René Accornero on “William Henry Seward, Secretary of State”
William Henry Seward was a politician who was born in 1801 in the state of New York. Seward studied law at Union College, graduating as a member of Phi Beta Kappa and was then admitted to the New York State Bar. In 1821 he met Frances Adeline Miller and they married 3 years later and raised six children.
In 1846 Seward defended an African American who was accused of stabbing four people to death. Seward was an advocate of prison reform and better treatment for the insane, and won a verdict for the defendant using the defense of insanity. Many whites felt bitter toward Seward for defending a black man who had killed whites.
Seward encountered a problem while traveling and a stranger named Thurlow Weed stopped to help out. That was the beginning of a life-long friendship and Weed helped Seward enter politics and was instrumental in this role throughout Seward’s political career. Seward first served as a member of the New York State Senate. In 1839, he won election as the 12th Governor of New York. And from 1849-1861, he served as US Senator from New York.
Civil War Period
Seward was an opponent of the spread of slavery in the years leading up to the Civil War, but he preferred a policy of gradual/voluntary elimination as opposed to forced. Switching to the Republican Party, Seward was a contender for the party’s presidential nomination in 1860, but lost to Abraham Lincoln.

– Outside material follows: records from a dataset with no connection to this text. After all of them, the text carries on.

(* Let $n\in\mathbb N$, let $K_1,\dots,K_n$ be singular kernel functions and let $J$ be an arbitrary $n$-field function. Then for each $j\in\{0,1,\dots,n\}$ the function $m_j:\overline S\to[-\infty,\infty)$ is continuous in the extended sense. That is, at points $\mathbf y$ with $m_j(\mathbf y)=-\infty$ one has $m_j(\mathbf x)\to-\infty$ as $\mathbf x\to\mathbf y$.
   Context: A kernel function is a function $K:(-1,0)\cup(0,1)\to\mathbb R$ that is concave on $(-1,0)$ and concave on $(0,1)$ and satisfies $\lim_{t\downarrow0}K(t)=\lim_{t\uparrow0}K(t)$. It is extended to $[-1,1]$ with values in $[-\infty,\infty)$ by its one-sided limits at $-1,0,1$. A kernel function is singular if $K(0)=-\infty$. An $n$-field function is a function $J:[0,1]\to[-\infty,\infty)$ that is bounded above and whose set of finite values has total weight strictly greater than $n$. Here the points $0$ and $1$ each have weight $1/2$ and every point of $(0,1)$ has weight $1$. No continuity of $J$ is assumed. $\overline S=\{\mathbf y\in\mathbb R^n:0\le y_1\le\dots\le y_n\le1\}$. $F(\mathbf y,t)=J(t)+\sum_{i=1}^nK_i(t-y_i)$, with the convention $a+(-\infty)=-\infty$. Set $y_0:=0$ and $y_{n+1}:=1$. For $j=0,\dots,n$ let $I_j(\mathbf y)=[y_j,y_{j+1}]$ and $m_j(\mathbf y)=\sup_{t\in I_j(\mathbf y)}F(\mathbf y,t)$. *)

From HB Require Import structures.
From mathcomp Require Import all_boot all_order all_algebra.
From mathcomp Require Import all_classical all_reals all_analysis.
Set Implicit Arguments. Unset Strict Implicit. Unset Printing Implicit Defensive.
Import Order.TTheory GRing.Theory Num.Theory.
Import numFieldNormedType.Exports.
Local Open Scope classical_set_scope.
Local Open Scope ring_scope.

Section Defs.
Variable R : realType.

Definition concave_on_oo (a b : R) (K : R -> \bar R) : Prop :=
  forall x y l : R, a < x < b -> a < y < b -> 0 <= l <= 1 ->
    (l%:E * K x + (1 - l)%R%:E * K y <= K (l * x + (1 - l) * y)%R)%E.

(* A kernel function, already extended to [-1,1] by its one-sided limits.
   Values outside [-1,1] are irrelevant. *)
Definition kernel_limits (K : R -> \bar R) : Prop :=
  (K t @[t --> at_right 0] --> K 0) /\
  (K t @[t --> at_left 0] --> K 0) /\
  (K t @[t --> at_right (-1)] --> K (-1)) /\
  (K t @[t --> at_left 1] --> K 1).

Definition is_kernel (K : R -> \bar R) : Prop :=
  [/\ (forall t, -1 < t < 0 \/ 0 < t < 1 -> K t \is a fin_num),
      (forall t, -1 <= t <= 1 -> K t != +oo%E),
      concave_on_oo (-1) 0 K,
      concave_on_oo 0 1 K &
      kernel_limits K].

Definition singular_kernel (K : R -> \bar R) : Prop := K 0 = -oo%E.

After he was elected President, Abraham Lincoln appointed Seward his Secretary of State in 1861. In this role, Seward was instrumental in preventing foreign countries from intervening in the war on the side of the Confederacy. Seward played an important role in resolving the Trent Affair where an America ship arrested two Confederate ambassadors travelling to Great Britain traveling on the British ship named Trent. Great Britain was so outraged at the incident that it sent 5,000 troops to Canada and was on the verge of declaring war on the US.
In 1862, Seward was a key proponent of the Emancipation Proclamation, and in 1865 led Lincoln’s successful effort to win adoption of the 13th amendment abolishing slavery. However, Seward’s relationship with Mary Todd Lincoln was a very difficult one. Mrs Lincoln made it know that she hated Seward even tho Seward was her husband’s most loyal cabinet members.
On April 14, 1865, Lewis Powell, co-conspirator of John Wilkes Booth, attempted to assassinate Seward at his home. Powell was able to enter Seward’s home by tricking the butler that Powell was delivering medicine for Seward. A few weeks earlier, Seward had fallen and severely broken his jaw and had his neck and jaw areas covered with a hard cast to prevent movement. Powell went upstairs, but encountered Seward’s son Frederick. Powell beat Frederick over the head with the barrel of his gun and then entered Seward’s bedroom. Powell leaped on the Seward’s bed stabbing him several times in the face and neck area. However, the large cast around Seward’s neck and jaw prevented more serious injury.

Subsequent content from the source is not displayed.